- [What you have to do] Hunt through the lines below for the string "Record" and copy each one that has it.

######

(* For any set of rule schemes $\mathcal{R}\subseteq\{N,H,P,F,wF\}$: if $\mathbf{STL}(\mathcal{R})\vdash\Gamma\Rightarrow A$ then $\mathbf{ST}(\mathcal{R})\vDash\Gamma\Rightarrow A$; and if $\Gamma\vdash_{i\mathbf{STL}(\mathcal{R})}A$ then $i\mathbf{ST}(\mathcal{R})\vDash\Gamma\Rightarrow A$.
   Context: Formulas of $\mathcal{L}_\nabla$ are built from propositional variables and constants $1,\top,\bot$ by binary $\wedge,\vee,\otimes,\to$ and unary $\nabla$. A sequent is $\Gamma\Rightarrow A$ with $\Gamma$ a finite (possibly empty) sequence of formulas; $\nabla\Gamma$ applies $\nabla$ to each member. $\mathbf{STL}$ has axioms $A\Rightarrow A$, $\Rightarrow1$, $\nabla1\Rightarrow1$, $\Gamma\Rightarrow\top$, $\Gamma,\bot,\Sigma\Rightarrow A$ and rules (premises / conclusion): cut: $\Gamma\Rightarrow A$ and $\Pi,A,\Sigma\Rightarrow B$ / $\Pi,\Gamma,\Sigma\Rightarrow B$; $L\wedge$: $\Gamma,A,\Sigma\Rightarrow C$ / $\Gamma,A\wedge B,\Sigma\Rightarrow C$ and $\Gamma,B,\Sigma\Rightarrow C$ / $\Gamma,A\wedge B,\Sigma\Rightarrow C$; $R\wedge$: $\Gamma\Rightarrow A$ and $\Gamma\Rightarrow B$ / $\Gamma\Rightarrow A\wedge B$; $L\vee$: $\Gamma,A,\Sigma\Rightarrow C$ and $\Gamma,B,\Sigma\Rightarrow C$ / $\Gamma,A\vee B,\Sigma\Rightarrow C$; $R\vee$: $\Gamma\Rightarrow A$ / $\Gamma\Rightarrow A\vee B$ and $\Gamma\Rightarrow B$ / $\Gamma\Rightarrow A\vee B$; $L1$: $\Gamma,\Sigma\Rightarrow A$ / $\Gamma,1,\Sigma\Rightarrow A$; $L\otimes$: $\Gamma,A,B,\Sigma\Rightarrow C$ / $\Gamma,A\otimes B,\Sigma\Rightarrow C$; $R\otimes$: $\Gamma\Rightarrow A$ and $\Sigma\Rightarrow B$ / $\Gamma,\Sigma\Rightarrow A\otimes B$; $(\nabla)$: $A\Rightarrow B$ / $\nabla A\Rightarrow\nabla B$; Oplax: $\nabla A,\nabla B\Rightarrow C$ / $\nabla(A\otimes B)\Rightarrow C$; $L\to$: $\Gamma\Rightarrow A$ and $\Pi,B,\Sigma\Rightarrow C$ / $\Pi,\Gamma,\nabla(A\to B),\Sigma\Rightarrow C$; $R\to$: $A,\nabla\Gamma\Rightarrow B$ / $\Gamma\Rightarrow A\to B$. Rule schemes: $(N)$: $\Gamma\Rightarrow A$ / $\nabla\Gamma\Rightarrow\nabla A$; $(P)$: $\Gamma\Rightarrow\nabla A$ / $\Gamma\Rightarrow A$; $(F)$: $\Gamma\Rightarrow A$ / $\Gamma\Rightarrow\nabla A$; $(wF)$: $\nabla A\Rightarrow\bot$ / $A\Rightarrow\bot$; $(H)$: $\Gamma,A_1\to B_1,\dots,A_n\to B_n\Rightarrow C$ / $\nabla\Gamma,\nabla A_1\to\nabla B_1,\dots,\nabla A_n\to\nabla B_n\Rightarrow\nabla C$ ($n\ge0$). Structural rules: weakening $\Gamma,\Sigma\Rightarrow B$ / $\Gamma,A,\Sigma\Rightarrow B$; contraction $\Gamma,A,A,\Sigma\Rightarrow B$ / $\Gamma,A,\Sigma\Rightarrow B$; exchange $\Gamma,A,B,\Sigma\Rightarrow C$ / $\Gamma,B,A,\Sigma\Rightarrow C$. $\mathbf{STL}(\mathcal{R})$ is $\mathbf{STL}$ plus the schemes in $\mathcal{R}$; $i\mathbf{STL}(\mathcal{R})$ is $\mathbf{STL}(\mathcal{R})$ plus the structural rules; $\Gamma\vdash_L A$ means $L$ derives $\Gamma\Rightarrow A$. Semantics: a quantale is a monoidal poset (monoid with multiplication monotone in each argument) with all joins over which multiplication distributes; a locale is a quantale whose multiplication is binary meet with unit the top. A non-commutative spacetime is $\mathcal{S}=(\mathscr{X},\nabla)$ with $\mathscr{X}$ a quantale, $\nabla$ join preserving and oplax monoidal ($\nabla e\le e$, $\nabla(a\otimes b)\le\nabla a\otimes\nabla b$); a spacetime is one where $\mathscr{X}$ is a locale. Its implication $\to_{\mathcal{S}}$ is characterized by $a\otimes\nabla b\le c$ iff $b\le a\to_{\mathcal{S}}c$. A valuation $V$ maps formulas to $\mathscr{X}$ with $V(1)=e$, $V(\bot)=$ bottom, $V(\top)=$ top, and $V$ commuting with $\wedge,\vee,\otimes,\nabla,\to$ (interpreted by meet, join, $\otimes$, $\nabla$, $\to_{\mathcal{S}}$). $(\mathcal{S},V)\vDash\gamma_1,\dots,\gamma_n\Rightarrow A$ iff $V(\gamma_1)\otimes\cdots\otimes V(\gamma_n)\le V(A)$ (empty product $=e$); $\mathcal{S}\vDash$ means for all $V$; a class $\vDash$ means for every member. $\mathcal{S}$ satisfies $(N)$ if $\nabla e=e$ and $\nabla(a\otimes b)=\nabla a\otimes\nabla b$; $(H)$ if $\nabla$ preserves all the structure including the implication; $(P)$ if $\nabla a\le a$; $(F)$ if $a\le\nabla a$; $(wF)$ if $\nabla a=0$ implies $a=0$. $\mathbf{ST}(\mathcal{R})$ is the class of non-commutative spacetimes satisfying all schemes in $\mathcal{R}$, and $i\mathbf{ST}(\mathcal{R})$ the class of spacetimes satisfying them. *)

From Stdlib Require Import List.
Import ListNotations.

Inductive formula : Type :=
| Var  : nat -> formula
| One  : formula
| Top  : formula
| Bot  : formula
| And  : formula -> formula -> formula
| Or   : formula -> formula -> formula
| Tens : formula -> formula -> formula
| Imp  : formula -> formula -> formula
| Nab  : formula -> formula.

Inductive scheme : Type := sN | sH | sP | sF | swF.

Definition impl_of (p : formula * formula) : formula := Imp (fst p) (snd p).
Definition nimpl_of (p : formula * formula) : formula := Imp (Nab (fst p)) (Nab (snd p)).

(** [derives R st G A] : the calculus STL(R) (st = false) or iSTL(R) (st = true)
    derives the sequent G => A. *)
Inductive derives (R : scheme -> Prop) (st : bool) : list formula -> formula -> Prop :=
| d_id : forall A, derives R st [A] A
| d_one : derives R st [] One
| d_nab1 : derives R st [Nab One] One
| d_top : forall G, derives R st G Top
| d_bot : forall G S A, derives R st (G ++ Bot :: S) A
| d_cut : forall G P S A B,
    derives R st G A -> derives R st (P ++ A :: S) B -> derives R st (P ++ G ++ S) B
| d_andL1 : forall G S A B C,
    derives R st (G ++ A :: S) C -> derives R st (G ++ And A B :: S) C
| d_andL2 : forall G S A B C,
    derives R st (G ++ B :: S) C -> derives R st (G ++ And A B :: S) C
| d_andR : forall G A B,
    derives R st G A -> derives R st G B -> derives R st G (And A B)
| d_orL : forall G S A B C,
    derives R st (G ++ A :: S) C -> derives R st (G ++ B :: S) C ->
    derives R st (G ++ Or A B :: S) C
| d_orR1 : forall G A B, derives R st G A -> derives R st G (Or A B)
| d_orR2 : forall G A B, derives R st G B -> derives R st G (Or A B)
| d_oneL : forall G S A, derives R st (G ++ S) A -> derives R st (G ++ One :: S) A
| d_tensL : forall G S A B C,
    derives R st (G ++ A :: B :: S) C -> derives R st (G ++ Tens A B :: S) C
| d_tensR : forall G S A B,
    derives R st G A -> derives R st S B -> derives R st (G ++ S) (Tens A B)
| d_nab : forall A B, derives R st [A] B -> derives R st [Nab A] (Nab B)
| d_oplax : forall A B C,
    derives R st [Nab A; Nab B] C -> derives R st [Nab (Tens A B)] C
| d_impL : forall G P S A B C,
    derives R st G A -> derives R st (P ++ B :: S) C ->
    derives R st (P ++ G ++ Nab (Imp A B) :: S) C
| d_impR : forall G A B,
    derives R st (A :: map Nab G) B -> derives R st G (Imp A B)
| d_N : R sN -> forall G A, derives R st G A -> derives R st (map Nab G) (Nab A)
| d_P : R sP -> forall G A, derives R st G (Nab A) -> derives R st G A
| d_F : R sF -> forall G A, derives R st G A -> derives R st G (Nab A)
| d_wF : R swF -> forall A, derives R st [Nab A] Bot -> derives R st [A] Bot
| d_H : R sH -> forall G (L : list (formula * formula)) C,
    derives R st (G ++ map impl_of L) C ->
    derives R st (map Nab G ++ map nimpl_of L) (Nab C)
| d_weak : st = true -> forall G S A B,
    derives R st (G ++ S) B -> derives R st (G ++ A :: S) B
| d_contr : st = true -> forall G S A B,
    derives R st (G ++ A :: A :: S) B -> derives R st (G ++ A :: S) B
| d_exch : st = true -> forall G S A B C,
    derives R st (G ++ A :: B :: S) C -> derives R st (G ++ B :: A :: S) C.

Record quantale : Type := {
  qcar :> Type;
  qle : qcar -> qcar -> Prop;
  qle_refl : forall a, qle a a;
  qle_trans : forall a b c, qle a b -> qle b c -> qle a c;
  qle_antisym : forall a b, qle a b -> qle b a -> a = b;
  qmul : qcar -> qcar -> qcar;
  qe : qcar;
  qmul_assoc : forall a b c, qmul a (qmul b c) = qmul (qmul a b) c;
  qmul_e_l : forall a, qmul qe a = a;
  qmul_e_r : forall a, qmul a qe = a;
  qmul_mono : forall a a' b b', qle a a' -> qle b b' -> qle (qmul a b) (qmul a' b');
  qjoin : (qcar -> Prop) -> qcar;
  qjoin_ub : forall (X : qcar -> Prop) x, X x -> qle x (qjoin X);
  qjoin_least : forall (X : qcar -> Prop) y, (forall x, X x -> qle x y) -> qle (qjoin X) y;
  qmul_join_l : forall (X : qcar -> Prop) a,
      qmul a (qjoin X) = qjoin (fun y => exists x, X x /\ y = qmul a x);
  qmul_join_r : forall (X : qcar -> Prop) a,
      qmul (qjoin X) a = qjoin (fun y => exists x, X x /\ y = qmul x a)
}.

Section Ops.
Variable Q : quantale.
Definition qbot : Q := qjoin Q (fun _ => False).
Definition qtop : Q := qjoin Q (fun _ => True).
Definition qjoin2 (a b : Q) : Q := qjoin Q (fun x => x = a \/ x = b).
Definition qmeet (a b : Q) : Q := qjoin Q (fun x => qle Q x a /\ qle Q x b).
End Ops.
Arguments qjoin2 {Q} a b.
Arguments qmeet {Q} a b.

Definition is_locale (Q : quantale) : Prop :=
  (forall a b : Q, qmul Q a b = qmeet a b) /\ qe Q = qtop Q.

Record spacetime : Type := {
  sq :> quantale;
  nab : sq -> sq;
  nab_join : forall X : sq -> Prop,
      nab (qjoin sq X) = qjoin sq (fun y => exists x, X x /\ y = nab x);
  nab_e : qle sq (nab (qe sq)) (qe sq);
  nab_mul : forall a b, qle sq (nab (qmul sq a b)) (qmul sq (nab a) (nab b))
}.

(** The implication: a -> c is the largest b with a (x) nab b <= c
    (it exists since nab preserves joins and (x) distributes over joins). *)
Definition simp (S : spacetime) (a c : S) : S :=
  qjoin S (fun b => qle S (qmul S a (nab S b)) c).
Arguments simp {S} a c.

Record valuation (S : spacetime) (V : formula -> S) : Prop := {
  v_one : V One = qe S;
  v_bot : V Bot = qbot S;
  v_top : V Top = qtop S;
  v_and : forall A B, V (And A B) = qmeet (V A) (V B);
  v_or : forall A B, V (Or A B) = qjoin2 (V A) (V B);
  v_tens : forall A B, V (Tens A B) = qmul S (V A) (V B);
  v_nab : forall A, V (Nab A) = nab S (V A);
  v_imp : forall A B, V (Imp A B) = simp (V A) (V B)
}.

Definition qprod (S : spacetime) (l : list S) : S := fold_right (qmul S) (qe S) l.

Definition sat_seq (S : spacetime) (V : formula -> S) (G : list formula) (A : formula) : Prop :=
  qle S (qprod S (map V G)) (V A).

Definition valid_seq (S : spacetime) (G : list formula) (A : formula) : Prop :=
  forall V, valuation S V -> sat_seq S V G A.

######

- [Expected answer]
Record quantale : Type := {
Record spacetime : Type := {
Record valuation (S : spacetime) (V : formula -> S) : Prop := {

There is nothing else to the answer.